OK also gives a measure of uncertainty attached to the results to signify the reliability of the estimation (Goovaerts 1997). This is done by calculating the estimation variance, which expresses the quality of the interpolation: high estimation variance means uncertain interpolation and low estimation variance indicates interpolation with smaller spatial uncertainty. It is estimated as follows

$$ \sigma_{{{\text{OK}}}}^{2} = E \left[ {\left( {\hat{Z}\left( {\mathbf{u}} \right) - Z\left( {\mathbf{u}} \right)} \right)^{2} } \right], $$
(6)

where E is the mathematical expectation.

The OK weights can be obtained by solving the system

$$ \left\{ {\begin{array}{*{20}l} {\sum\nolimits_{i = 1}^{J} {\lambda_{i} } \gamma_{ij} - \mu = \gamma_{i0} } \hfill \\ {\sum\nolimits_{i = 1}^{J} {\lambda_{i} } = 1} \hfill \\ \end{array} } \right.\quad {\text{for}}\quad j = 1, \ldots ,J, $$
(7)

where γij is the semi-variogram values between sampling locations ui and uj, γi0 are the semi-variogram values between sampling location ui and the target location u0, and μ is the Lagrange multiplier parameter. The unbiased estimate is guaranteed by the constraint of the sum of the weights to 1. The weights λi, obtained through the system (Eq. (7)) are inserted into Eq. (5) to make the estimation.

2.4 Simple Cokriging

Cokriging is a multivariate extension of kriging, which incorporates secondary information for improving the estimation of the primary variable. If the second variable is highly correlated with the primary variable, then incorporating it into the estimation process can lead to a reduction in prediction error variance compared to using kriging alone (Goovaerts 2000). Simple cokriging (SCK) assumes that the means of both the primary and secondary variables are known and constant within the study area. The method aims to estimate the primary variable as given by

$$ \hat{Z}_{1} \left( {{\mathbf{u}}_{0} } \right) = \left( {\mathop \sum \limits_{i = 1}^{J} \lambda_{1i} \left[ {Z_{1} \left( {{\mathbf{u}}_{i} } \right) - m_{1} } \right] + \mathop \sum \limits_{i = 1}^{K} \lambda_{2i} \left[ {Z_{2} \left( {{\mathbf{w}}_{i} } \right) - m_{2} } \right]} \right) + m_{1} , $$
(8)

where \(\hat{Z}_{1} \left( {{\mathbf{u}}_{0} } \right)\) is the estimated value of the primary variable at the target location u0, Z1(ui) are the observed values of the primary variable at locations ui, Z2(wi) are the observed values of the secondary variable at K locations wi, λ1i and λ2i are the weights of the first and second variables, and m1 and m2 are the stationary means of the primary and secondary variables, respectively.
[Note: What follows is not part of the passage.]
(* Let $\tau:\mathcal A\to\mathcal A^+$ be a substitution satisfying the standing assumptions below, with one-sided subshift $(X_\tau,\sigma)$. Then: (i) every $y\in\tau(X_\tau)$ can be written in exactly one way as $y=\tau(x)$ with $x\in X_\tau$; (ii) every $y\in X_\tau\setminus\tau(X_\tau)$ can be written as $y=\sigma^k(\tau(x))$ with $x=x_0x_1\ldots\in X_\tau$ and $0<k<|\tau(x_0)|$, and in any such representation $\sigma(x)$ is uniquely determined by $y$ (i.e. if $y=\sigma^k(\tau(x))=\sigma^{k'}(\tau(x'))$ with $0<k<|\tau(x_0)|$ and $0<k'<|\tau(x'_0)|$, then $\sigma(x)=\sigma(x')$).
   Context: $\mathcal A$ is a finite alphabet, $\mathcal A^+$ the set of finite words over $\mathcal A$; for a word $w$, $|w|$ is its length and $w_{[i,j]}=w_i\cdots w_j$. A substitution $\tau:\mathcal A\to\mathcal A^+$ is extended to words and to one-sided sequences $x=x_0x_1\ldots\in\mathcal A^{\mathbb N}$ by concatenation, $\tau(x)=\tau(x_0)\tau(x_1)\cdots$. $\sigma$ is the left shift on $\mathcal A^{\mathbb N}$ (product of discrete topologies). A fixed point is $u\in\mathcal A^{\mathbb N}$ with $\tau(u)=u$, and $X_\tau$ is the closure of $\{\sigma^n(u):n\ge0\}$. Standing assumptions: $\tau$ is primitive (some $k$ such that every letter occurs in $\tau^k(a)$ for every $a$), $X_\tau$ is aperiodic (infinite), $\tau$ has a fixed point $u$, $\tau$ is (unilaterally) recognizable, and every power $\tau^n$ ($n\ge1$) is injective on letters. Recognizable means: with $E=\{0\}\cup\{|\tau(u_{[0,p-1]})|:p>0\}$, there is $L$ such that whenever $u_{[i,i+L-1]}=u_{[j,j+L-1]}$ and $i\in E$, then $j\in E$. *)

From Stdlib Require List.
From mathcomp Require Import all_boot.
Set Implicit Arguments. Unset Strict Implicit. Unset Printing Implicit Defensive.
The weights are obtained by solving the following system

$$ \left\{ {\begin{array}{*{20}l} {\sum\nolimits_{{i_{1} = 1}}^{J} {\gamma_{{z_{1} }} } \left( {{\mathbf{u}}_{{i_{1} }} - {\mathbf{u}}_{{j_{1} }} } \right)\lambda_{1i} + \sum\nolimits_{{i_{2} = 1}}^{K} {\gamma_{{z_{1} z_{2} }} } \left( {{\mathbf{w}}_{{i_{2} }} - {\mathbf{u}}_{{j_{1} }} } \right)\lambda_{2i} = \gamma_{{z_{1} }} \left( {{\mathbf{u}}_{{j_{1} }} - {\mathbf{u}}_{0} } \right)\quad {\text{for}}\quad j_{1} = 1, \ldots ,J} \hfill \\ {\sum\nolimits_{{i_{1} = 1}}^{J} {\gamma_{{z_{2} z_{1} }} } \left( {{\mathbf{u}}_{{i_{1} }} - {\mathbf{w}}_{{j_{2} }} } \right)\lambda_{1i} + \sum\nolimits_{{i_{2} = 1}}^{K} {\gamma_{{z_{2} }} } \left( {{\mathbf{w}}_{{i_{2} }} - {\mathbf{w}}_{{j_{2} }} } \right)\lambda_{2i} = \gamma_{{z_{1} z_{2} }} \left( {{\mathbf{w}}_{j2} - {\mathbf{u}}_{0} } \right)\quad {\text{for}}\quad j_{2} = 1, \ldots ,K} \hfill \\ \end{array} } \right., $$
(9)

where \(\gamma_{{z_{1} }}\) and \(\gamma_{{z_{2} }}\) are the theoretical semi-variograms of the first and second variable, respectively, and \(\gamma_{{z_{1} z_{2} }} = \gamma_{{z_{2} z_{1} }}\) are the theoretical cross-variograms between the two variables.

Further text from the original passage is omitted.